He set up the moka and, waiting for the gurgling to start, made the bed. Since he’d begun making his own bed at age three or four, he never walked away with it unmade. A neat bed started off the day with order, gave him the sense during childhood that all was well despite his father’s drunken temper, his mother’s fear. He knew it was all an illusion, but somehow it had helped then. And now, when he was trying to find order again.
A quick gulp of espresso shook him fully awake, followed by a forbidden cigarette that he smoked at the open window. Back in the Bronx apartment, he had happily lived by Rita’s house rules. Now he had the unwanted freedoms that came with being a widower. Bad language when he felt like it, dressing like a street bum, a cigarette after morning coffee. An extra glass of wine or two with dinner. A good nighttime cigarette. Small stuff that would never be worth it.
The air was still chilly in the early morning, which Nico welcomed as he set off for his three-mile run along the winding road up to Gravigna. It was steep going and dangerous in the predawn light. And even at this hour, cars whizzed past in both directions, their drivers on their way to work.
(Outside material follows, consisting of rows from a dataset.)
(* Let $\alpha\in\mathbb N^n$ and let $\mathcal A=\{u_1,\ldots,u_m\}$ be a set of monomials of $S=K[x_1,\ldots,x_n]$, minimal with respect to divisibility, such that $K[\mathcal A]$ is a homogeneous $K$-algebra. Identify $S$ with $K[x_{11},\ldots,x_{n1}]\subset S^\alpha$ via $x_i\mapsto x_{i1}$, so that $\mathcal A\subseteq\mathcal A^\alpha$ and $S_{\mathcal A}\subseteq S_{\mathcal A^\alpha}$. If $\mathcal G$ is the reduced Gröbner basis of $I_{\mathcal A^\alpha}$ with respect to a term order $<$ on $S_{\mathcal A^\alpha}$, then $\mathcal G\cap S_{\mathcal A}$ is the reduced Gröbner basis of $I_{\mathcal A}$ with respect to the term order on $S_{\mathcal A}$ induced (by restriction) from $<$.
   Context: $\mathbb N$ denotes the positive integers. For $\alpha=(k_1,\ldots,k_n)$, $S^\alpha=K[x_{ij}:1\le i\le n,1\le j\le k_i]$, $\pi:S^\alpha\to S$, $x_{ij}\mapsto x_i$, and $\mathcal A^\alpha$ is the set of monomials $w\in S^\alpha$ with $\pi(w)\in\mathcal A$. For a finite set $\mathcal B$ of monomials, $S_{\mathcal B}=K[y_u:u\in\mathcal B]$ is a polynomial ring, $K[\mathcal B]$ the $K$-algebra generated by $\mathcal B$, and the toric ideal $I_{\mathcal B}$ is the kernel of $S_{\mathcal B}\to K[\mathcal B]$, $y_u\mapsto u$. *)

From HB Require Import structures.
From mathcomp Require Import all_boot all_order all_algebra.
From mathcomp Require Import mpoly.

Set Implicit Arguments.
Unset Strict Implicit.
Unset Printing Implicit Defensive.

Import Order.TTheory GRing.Theory.
Local Open Scope ring_scope.

Definition term_order (N : nat) (le : rel 'X_{1..N}) : Prop :=
  [/\ reflexive le, antisymmetric le, transitive le & total le] /\
  (forall mm, le 0%MM mm) /\
  (forall a b c, le a b -> le (a + c)%MM (b + c)%MM).

(* leading (initial) monomial of p w.r.t. le (the le-largest monomial of the
   support; 0 for p = 0) *)
Definition lm (K : fieldType) (N : nat) (le : rel 'X_{1..N})
  (p : {mpoly K[N]}) : 'X_{1..N} :=
  foldr (fun a b => if le a b then b else a) 0%MM (msupp p).

(* G is a Groebner basis of the ideal I w.r.t. le: a finite set of nonzero
   elements of I whose initial monomials generate in(I). Monomial
   divisibility is the pointwise order (_ <= _)%MM. *)
Definition is_groebner_basis (K : fieldType) (N : nat) (le : rel 'X_{1..N})
  (I : pred {mpoly K[N]}) (G : {mpoly K[N]} -> Prop) : Prop :=
  [/\ exists s : seq {mpoly K[N]}, forall g, G g <-> g \in s,
      (forall g, G g -> I g /\ g != 0) &
      (forall f, I f -> f != 0 -> exists2 g, G g & (lm le g <= lm le f)%MM)].

Definition is_reduced_groebner_basis (K : fieldType) (N : nat)
  (le : rel 'X_{1..N}) (I : pred {mpoly K[N]}) (G : {mpoly K[N]} -> Prop) : Prop :=
  [/\ is_groebner_basis le I G,
      (forall g, G g -> g@_(lm le g) = 1) &
      (forall g g', G g -> G g' -> g <> g' ->
         forall mm, mm \in msupp g -> ~~ (lm le g' <= mm)%MM)].
(* Let $\mathcal{G}$ be a connected hypergraph with spectral radius $\rho$ and principal eigenvector $X=(x_v)$. Let $k\ge 3$ and let $e_0,e_1,e_2$ be edges of $\mathcal{G}$ with $e_0=\{v_1,v_2,\dots,v_{k-1},v_k\}$, such that $\deg_{\mathcal{G}}(v_2)=\cdots=\deg_{\mathcal{G}}(v_{k-1})=1$, $e_1\cap e_0=\{v_1\}$ and $e_2\cap e_0=\{v_k\}$. Then $$x_{v_2}=x_{v_3}=\cdots=x_{v_{k-1}}=\frac{x_{v_1}+x_{v_k}}{(k-1)\rho-(k-3)}<\min\{x_{v_1},x_{v_k}\}.$$
   Context: A hypergraph has a finite vertex set and distinct edges (subsets with at least two vertices); $\deg_{\mathcal{G}}(v)$ is the number of edges containing $v$. The adjacency matrix has $(\mathcal{A}_{\mathcal{G}})_{ij}=\sum_{e\ni i,j}\frac{1}{|e|-1}$ for $i\ne j$ and $0$ on the diagonal; $\rho$ is its spectral radius. For connected $\mathcal{G}$ the principal eigenvector is the unique positive eigenvector $X$ of $\mathcal{A}_{\mathcal{G}}$ for $\rho$ with $\sum_v x_v^2=1$. *)

From mathcomp Require Import all_boot all_order all_algebra.
Set Implicit Arguments. Unset Strict Implicit. Unset Printing Implicit Defensive.
Import Order.TTheory GRing.Theory Num.Theory.
Local Open Scope ring_scope.

Definition is_hypergraph (n : nat) (E : {set {set 'I_n}}) : Prop :=
  forall e, e \in E -> (2 <= #|e|)%N.

Definition hdeg (n : nat) (E : {set {set 'I_n}}) (v : 'I_n) : nat :=
  #|[set e in E | v \in e]|.

Definition hadj (n : nat) (E : {set {set 'I_n}}) : rel 'I_n :=
  fun u v => [exists e in E, (u \in e) && (v \in e)].

Definition hconnected (n : nat) (E : {set {set 'I_n}}) : Prop :=
  forall u v : 'I_n, connect (hadj E) u v.

Definition hadjmx (R : numFieldType) (n : nat) (E : {set {set 'I_n}}) : 'M[R]_n :=
  \matrix_(i, j) (if i == j then 0
                  else \sum_(e in E | (i \in e) && (j \in e)) ((#|e|.-1)%:R)^-1).

Definition is_spectral_radius (R : realFieldType) (n : nat) (A : 'M[R]_n) (rho : R) : Prop :=
  eigenvalue A rho /\ (forall a : R, eigenvalue A a -> `|a| <= rho).

Definition is_principal_eigenvector (R : realFieldType) (n : nat) (A : 'M[R]_n)
    (rho : R) (X : 'cV[R]_n) : Prop :=
  [/\ forall i, 0 < X i 0, A *m X = rho *: X & \sum_i X i 0 ^+ 2 = 1].

From mathcomp Require Import all_boot all_order all_algebra.
From mathcomp Require Import zify lra.
Import Order.TTheory GRing.Theory Num.Theory.
Local Open Scope ring_scope.

(* At a vertex u of degree 1 in an edge e the eigen-equation only sees e:
   ((|e|-1) rho + 1) x_u = sum_{j in e} x_j.  So all such vertices of e carry the
   same value y, and summing over e expresses y through the two remaining
   vertices.  A vertex w of e lying in a second edge picks up an extra positive
   term, ((|e|-1) rho + 1) x_w > sum_{j in e} x_j, whence y < x_w. *)

Lemma hadjmx_mulmxE (R : numFieldType) (n : nat) (E : {set {set 'I_n}})
    (X : 'cV[R]_n) (u : 'I_n) :
  (hadjmx R E *m X) u 0 =
  \sum_(e in E | u \in e) (\sum_(j in e | j != u) X j 0) / (#|e|.-1)%:R.
Proof.
rewrite mxE; under eq_bigr do rewrite mxE.
under [RHS]eq_bigr do rewrite mulr_suml big_mkcond /=.
rewrite big_mkcond /= exchange_big /=; apply: eq_bigr => j _.
have [<-|unj] := eqVneq u j.
  by rewrite mul0r; symmetry; apply: big1 => e _; rewrite andbF.
rewrite mulr_suml [LHS]big_mkcond [RHS]big_mkcond /=; apply: eq_bigr => e _.
by case: (e \in E); case: (u \in e); case: (j \in e); rewrite /= ?mul0r // mulrC.
Qed.

Lemma sum_setD1_gt0 (R : numDomainType) (T : finType) (F : T -> R)
    (e : {set T}) (u : T) :
  (forall j, 0 < F j) -> (2 <= #|e|)%N -> u \in e ->
  0 < \sum_(j in e | j != u) F j.
Proof.
move=> F_gt0 e_ge2 ue.
have : (0 < #|e :\ u|)%N by move: e_ge2; rewrite (cardsD1 u e) ue.
case/card_gt0P => j; rewrite !inE => /andP [ju je].
rewrite (bigD1 j) /=; last by rewrite je ju.
by apply: ltr_pwDl => //; apply: sumr_ge0 => i _; exact/ltW.
Qed.

Lemma card_indexed_set {T : finType} {A : {set T}} {k : nat} {v : nat -> T} :
  {in [pred i : nat | (1 <= i <= k)%N] &, injective v} ->
  (forall x, x \in A <-> exists2 i, (1 <= i <= k)%N & x = v i) ->
  #|A| = k.
Proof.
move=> v_inj A_vE.
have A_iota : A =i map v (iota 1 k).
  move=> x; apply/idP/mapP => [/A_vE [j j_range ->]|[j]].
    by exists j; rewrite // mem_iota add1n ltnS.
  by rewrite mem_iota add1n ltnS => j_range ->; apply/A_vE; exists j.
rewrite (eq_card A_iota) (card_uniqP _) ?size_map ?size_iota //.
rewrite map_inj_in_uniq ?iota_uniq // => j j'.
by rewrite !mem_iota => j_range j'_range /v_inj; apply; rewrite inE; lia.
Qed.

Section PositiveEigenvector.

Context {R : realFieldType} {n : nat} {E : {set {set 'I_n}}}.
Context {rho : R} {X : 'cV[R]_n}.
Hypothesis hyperE : is_hypergraph E.
Hypothesis X_gt0 : forall i, 0 < X i 0.
Hypothesis eigenX : hadjmx R E *m X = rho *: X.

Lemma eigen_equation (u : 'I_n) :
  rho * X u 0 =
  \sum_(e in E | u \in e) (\sum_(j in e | j != u) X j 0) / (#|e|.-1)%:R.
Proof. by rewrite -hadjmx_mulmxE eigenX mxE. Qed.

Lemma edge_size_pred_gt0 {e : {set 'I_n}} : e \in E -> 0 < (#|e|.-1)%:R :> R.
Proof. by move=> /hyperE; rewrite ltr0n; case: #|e| => [|[|c]]. Qed.

Lemma edge_term_gt0 {e : {set 'I_n}} {u : 'I_n} : e \in E -> u \in e ->
  0 < (\sum_(j in e | j != u) X j 0) / (#|e|.-1)%:R.
Proof.
by move=> eE ue; rewrite divr_gt0 ?edge_size_pred_gt0 ?sum_setD1_gt0 ?hyperE.
Qed.

Lemma pendant_vertexE {e : {set 'I_n}} {u : 'I_n} :
  e \in E -> u \in e -> hdeg E u = 1%N ->
  ((#|e|.-1)%:R * rho + 1) * X u 0 = \sum_(j in e) X j 0.
Proof.
move=> eE ue /eqP /cards1P [e' edges_u].
have e'_eq : e = e' by apply/set1P; rewrite -edges_u inE eE ue.
rewrite -e'_eq in edges_u.
have := eigen_equation u.
rewrite (eq_bigl (fun f => f \in [set e])); last by move=> f; rewrite -edges_u inE.
rewrite big_set1 (bigD1 u ue) /= => eq_u.
by rewrite mulrDl mul1r -mulrA eq_u mulrC divfK ?gt_eqF ?edge_size_pred_gt0 // addrC.
Qed.

Lemma shared_vertex_gt {e e' : {set 'I_n}} {u : 'I_n} :
  e \in E -> e' \in E -> e' != e -> u \in e -> u \in e' ->
  \sum_(j in e) X j 0 < ((#|e|.-1)%:R * rho + 1) * X u 0.
Proof.
move=> eE e'E e'_neq ue ue'.
have term_lt : (\sum_(j in e | j != u) X j 0) / (#|e|.-1)%:R < rho * X u 0.
  rewrite eigen_equation (bigD1 e) /=; last by rewrite eE ue.
  rewrite ltrDl (bigD1 e') /=; last by rewrite e'E ue' e'_neq.
  apply: ltr_pwDl; first exact: edge_term_gt0.
  by apply: sumr_ge0 => f /andP [/andP [/andP [fE uf] _] _]; rewrite ltW ?edge_term_gt0.
rewrite (bigD1 u ue) /= mulrDl mul1r addrC ltrD2r -mulrA mulrC.
by rewrite -ltr_pdivrMr ?edge_size_pred_gt0.
Qed.

Lemma pendant_scale_gt0 {e : {set 'I_n}} {u : 'I_n} :
  e \in E -> u \in e -> hdeg E u = 1%N -> 0 < (#|e|.-1)%:R * rho + 1.
Proof.
move=> eE ue deg_u.
have sum_gt0 : 0 < \sum_(j in e) X j 0.
  by rewrite (bigD1 u ue) /= addr_gt0 ?sum_setD1_gt0 ?hyperE.
by move: sum_gt0; rewrite -(pendant_vertexE eE ue deg_u) pmulr_lgt0.
Qed.

Lemma pendant_lt_branch {e e' : {set 'I_n}} {u w : 'I_n} :
  e \in E -> u \in e -> hdeg E u = 1%N -> e' \in E -> e' :&: e = [set w] ->
  X u 0 < X w 0.
Proof.
move=> eE ue deg_u e'E e'_e.
have /setIP [we' we] : w \in e' :&: e by rewrite e'_e set11.
have e'_neq : e' != e.
  move: (hyperE e eE); apply: contraTneq => e'_eq.
  by rewrite e'_eq setIid in e'_e; rewrite e'_e cards1.
rewrite -(ltr_pM2l (pendant_scale_gt0 eE ue deg_u)) pendant_vertexE //.
exact: shared_vertex_gt e'E e'_neq we we'.
Qed.

Lemma pendant_vertices_eq {e : {set 'I_n}} {u w : 'I_n} :
  e \in E -> u \in e -> hdeg E u = 1%N -> w \in e -> hdeg E w = 1%N ->
  X w 0 = X u 0.
Proof.
move=> eE ue deg_u we deg_w.
apply: (mulfI (lt0r_neq0 (pendant_scale_gt0 eE ue deg_u))).
by rewrite !pendant_vertexE.
Qed.

Lemma pendant_edge_value {e : {set 'I_n}} {a b u : 'I_n} :
  e \in E -> a \in e -> b \in e -> a != b ->
  (forall w, w \in e -> w != a -> w != b -> hdeg E w = 1%N) ->
  u \in e -> u != a -> u != b ->
  ((#|e|.-1)%:R * rho - (#|e| - 3)%:R) * X u 0 = X a 0 + X b 0.
Proof.
move=> eE ae be ab pendant ue ua ub.
have deg_u := pendant u ue ua ub.
have be_a : b \in e :\ a by rewrite !inE eq_sym ab.
have ue_ab : u \in e :\ a :\ b by rewrite !inE ub ua.
have inner_eq : \sum_(j in e :\ a :\ b) X j 0 = X u 0 *+ #|e :\ a :\ b|.
  rewrite -sumr_const; apply: eq_bigr => w; rewrite !inE => /andP [wb /andP [wa we]].
  exact: pendant_vertices_eq eE ue deg_u we (pendant w we wa wb).
have card_e : #|e| = (#|e :\ a :\ b|).+2.
  by rewrite (cardsD1 a e) (cardsD1 b (e :\ a)) ae be_a.
have : (0 < #|e :\ a :\ b|)%N by apply/card_gt0P; exists u.
have := pendant_vertexE eE ue deg_u.
rewrite (big_setD1 a ae) (big_setD1 b be_a) inner_eq card_e.
case: #|e :\ a :\ b| => [//|c] /= value_u _.
rewrite !subSS subn0 -mulr_natr -!natr1 in value_u *.
nra.
Qed.

End PositiveEigenvector.

Theorem lemma3p6 (R : realFieldType) (n : nat) (E : {set {set 'I_n}})
    (rho : R) (X : 'cV[R]_n) (k : nat) (v : nat -> 'I_n)
    (e0 e1 e2 : {set 'I_n}) :
  is_hypergraph E ->
  hconnected E ->
  is_spectral_radius (hadjmx R E) rho ->
  is_principal_eigenvector (hadjmx R E) rho X ->
  (3 <= k)%N ->
  e0 \in E -> e1 \in E -> e2 \in E ->
  (* e0 = {v_1, ..., v_k} with the v_i distinct *)
  {in [pred i : nat | (1 <= i <= k)%N] &, injective v} ->
  (forall x, x \in e0 <-> exists2 i, (1 <= i <= k)%N & x = v i) ->
  (forall i, (2 <= i <= k.-1)%N -> hdeg E (v i) = 1%N) ->
  e1 :&: e0 = [set v 1%N] ->
  e2 :&: e0 = [set v k] ->
  forall i, (2 <= i <= k.-1)%N ->
    X (v i) 0 = (X (v 1%N) 0 + X (v k) 0) / ((k.-1)%:R * rho - (k - 3)%:R)
    /\ X (v i) 0 < Num.min (X (v 1%N) 0) (X (v k) 0).
Proof.
move=> hyperE _ _ [X_gt0 eigenX _] k_ge3 e0E e1E e2E v_inj e0_vE pendant_v
  e1_e0 e2_e0 i i_mid.
have v_e0 j : (1 <= j <= k)%N -> v j \in e0 by move=> j_range; apply/e0_vE; exists j.
have v_neq j j' : (1 <= j <= k)%N -> (1 <= j' <= k)%N -> j != j' -> v j != v j'.
  by move=> j_range j'_range; apply: contraNneq => /v_inj ->; rewrite ?inE.
have e0_pendant u : u \in e0 -> u != v 1%N -> u != v k -> hdeg E u = 1%N.
  move=> /e0_vE [j j_range ->] j_neq1 j_neqk; apply: pendant_v.
  have : j != 1%N by apply: contraNneq j_neq1 => ->.
  have : j != k by apply: contraNneq j_neqk => ->.
  lia.
have vi_e0 : v i \in e0 by apply: v_e0; lia.
have vi_v1 : v i != v 1%N by apply: v_neq; lia.
have vi_vk : v i != v k by apply: v_neq; lia.
have v1_e0 : v 1%N \in e0 by apply: v_e0; lia.
have vk_e0 : v k \in e0 by apply: v_e0; lia.
have v1_vk : v 1%N != v k by apply: v_neq; lia.
have := pendant_edge_value hyperE X_gt0 eigenX e0E v1_e0 vk_e0 v1_vk e0_pendant
  vi_e0 vi_v1 vi_vk.
rewrite (card_indexed_set v_inj e0_vE) => vi_value.
have deg_vi := pendant_v i i_mid.
have lt_branch := pendant_lt_branch hyperE X_gt0 eigenX e0E vi_e0 deg_vi.
split; last by rewrite lt_min (lt_branch _ _ e1E e1_e0) (lt_branch _ _ e2E e2_e0).
have D_gt0 : 0 < (k.-1)%:R * rho - (k - 3)%:R.
  by rewrite -(pmulr_lgt0 _ (X_gt0 (v i))) vi_value addr_gt0.
by rewrite -vi_value mulrC mulKf ?lt0r_neq0.
Qed.
(* The functors $I$ and $J$ on the category $\mathbf{Comp}$ of compact Hausdorff spaces and continuous maps are isomorphic; that is, there exist homeomorphisms $k_X\colon I(X)\to J(X)$, one for each compact Hausdorff space $X$, such that $J(f)\circ k_X=k_Y\circ I(f)$ for every continuous map $f\colon X\to Y$.
   Context: A max-min measure on a compact Hausdorff space $X$ is a functional $\mu\colon C(X)\to\mathbb R$ (not assumed continuous) with $\mu(c_X)=c$ for constants, $\mu(\varphi\vee\psi)=\mu(\varphi)\vee\mu(\psi)$, $\mu(c\wedge\varphi)=c\wedge\mu(\varphi)$ for $c\in\mathbb R$. A max-plus (idempotent) measure is a functional $\mu\colon C(X)\to\mathbb R$ with $\mu(c_X)=c$, $\mu(\varphi\vee\psi)=\mu(\varphi)\vee\mu(\psi)$, $\mu(c_X+\varphi)=c+\mu(\varphi)$. $J(X)$, resp. $I(X)$, is the set of max-min, resp. max-plus, measures with the topology of pointwise convergence on $C(X)$. For a continuous $f\colon X\to Y$, $J(f)(\mu)(\varphi)=\mu(\varphi\circ f)$ and $I(f)(\mu)(\varphi)=\mu(\varphi\circ f)$. *)

From Stdlib Require Import Reals List.
Import ListNotations.
Open Scope R_scope.

Definition is_topology {A : Type} (O : (A -> Prop) -> Prop) : Prop :=
  O (fun _ => True) /\
  (forall U V, O U -> O V -> O (fun a => U a /\ V a)) /\
  (forall F : (A -> Prop) -> Prop, (forall U, F U -> O U) ->
     O (fun a => exists U, F U /\ U a)).

Definition compact {A : Type} (O : (A -> Prop) -> Prop) : Prop :=
  forall F : (A -> Prop) -> Prop,
    (forall U, F U -> O U) ->
    (forall a, exists U, F U /\ U a) ->
    exists l : list (A -> Prop), Forall F l /\ (forall a, exists U, In U l /\ U a).

Definition hausdorff {A : Type} (O : (A -> Prop) -> Prop) : Prop :=
  forall x y : A, x <> y ->
    exists U V, O U /\ O V /\ U x /\ V y /\ (forall z, ~ (U z /\ V z)).

Definition continuous {A B : Type} (OA : (A -> Prop) -> Prop)
  (OB : (B -> Prop) -> Prop) (f : A -> B) : Prop :=
  forall V, OB V -> OA (fun a => V (f a)).

Definition is_homeomorphism {A B : Type} (OA : (A -> Prop) -> Prop)
  (OB : (B -> Prop) -> Prop) (f : A -> B) : Prop :=
  exists g : B -> A,
    (forall a, g (f a) = a) /\ (forall b, f (g b) = b) /\
    continuous OA OB f /\ continuous OB OA g.
Lemma recover_instr_value j t : (j < J)%N -> (t < 4 * N)%N ->
  value_of hv S6 (recover_instr j t) = out_value j t.
Proof.
move=> jJ t4N; have hsize := product_coef_size.
rewrite /recover_instr /out_value; case: leqP => tN; rewrite value_of_ISub; last first.
  rewrite nth_S6_half ?nth_S6_prev; [|lia|lia|by case: (odd j)].
  rewrite /half_value /out_value oddb; have -> : ((odd j)./2 = 0)%N by case: (odd j).
  by rewrite coef_parity_eval // addrK.
rewrite nth_S6_half ?nth_S6_prev; [|lia|lia|by case: (odd j)].
rewrite /half_value /out_value.
have [-> ->] : odd (odd j + 2) = odd j /\ ((odd j + 2)./2 = 1)%N by case: (odd j).
have -> : (N * (J.-1 - j) + t = N * (J.+1 - j) + (t - 2 * N))%N.
  rewrite (_ : J.+1 - j = J.-1 - j + 2)%N ?mulnDr -?addnA ?[(N * 2)%N]mulnC ?subnKC //.
  by rewrite /J; lia.
have oddE : odd (J.+1 - j) = odd j by rewrite oddB /J; [rewrite addbC; lia|lia].
rewrite -oddE coef_parity_eval ?hsize //; last by lia.
rewrite /product !coef_poly.
have -> : (1 < J.+1 - j)%N by lia.
have -> : (J.+1 - j - 2 < J)%N by lia.
have -> : (J.-1 - (J.+1 - j - 2) = j)%N by lia.
rewrite subnK //; case: (leqP 2 j) => j2.
  have -> : (J.+1 - j < J)%N by lia.
  have -> : (J.-1 - (J.+1 - j) = j - 2)%N by lia.
  by rewrite addrAC subrr add0r.
have -> : (J.+1 - j < J)%N = false by lia.
by rewrite coef0 add0r subr0.
Qed.

Lemma exec_recover : exec hv (mktable recover_instr J (4 * N)) S5 = S6.
Proof.
have [_ _ _ sizeS5] := size_states.
apply: exec_mktable => j t jJ t4N; split; last exact: recover_instr_value.
have half_lt d pos : (d < 4)%N -> (half_reg d pos < size S5 + (j * (4 * N) + t))%N.
  move=> d4; apply: (leq_trans _ (leq_addr _ _)); rewrite /half_reg sizeS5.
  case: ifP => posM2.
    by rewrite /out_base ltn_add2l ltn_row_index.
  exact: leq_trans leq_eval_out_base.
have prev_lt t' : (t' < 4 * N)%N -> (prev_reg j t' < size S5 + (j * (4 * N) + t))%N.
  move=> t'4N; rewrite /prev_reg sizeS5; case: ifP => j2.
    rewrite /out_reg ltn_add2l; apply: leq_trans (ltn_row_index (n := j.-1) _ t'4N) _.
      by lia.
    by apply: (leq_trans _ (leq_addr t _)); rewrite leq_mul2r leq_pred orbT.
  by apply: leq_trans (leq_addr _ _); apply: leq_trans leq_eval_out_base.
by rewrite /recover_instr; case: ifP => tN /=; rewrite half_lt ?prev_lt //; lia.
Qed.

Lemma exec_kronecker : exec hv kronecker_prog S0 = S6.
Proof.
rewrite /kronecker_prog -cat1s exec_cat.
have -> : exec hv [:: ISub 0 0] S0 = S1 by rewrite /= subrr.
by rewrite !exec_cat exec_eval exec_mul exec_sum exec_half exec_recover.
Qed.

Lemma run_kronecker :
  run hv kronecker_prog (encode Lx Ly f ++ encode Lx Ly g) kronecker_out =
  encode (2 * Lx - 1) (2 * Ly - 1) h.
Proof.
rewrite /run exec_kronecker /kronecker_out map_mktable encode_mktable.
apply: eq_in_mktable => j i jJ iLx; rewrite nth_S6_out //.
by have := N_bounds; lia.
Qed.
But Nico’s morning run was like making the bed, a ritual that made him feel in control of his life, all the more necessary after the loss of his job, followed by Rita’s death.
When the town appeared, perched on its own small hill, Nico stopped to catch his breath and take in the view of Gravigna, with its medieval castle walls, its two towers, the proud steeple of the Sant’Agnese Church. In the meager predawn light Nico could, with the help of memory, make out the hundreds of neat rows of vines that covered the Conca d’Oro, the golden bowl below the town that had once only grown grain. He had marveled at the sight the first time he’d seen it with Rita on their honeymoon. “Our fairyland,” Rita had said then, and he had laughed, both of them dizzy with love.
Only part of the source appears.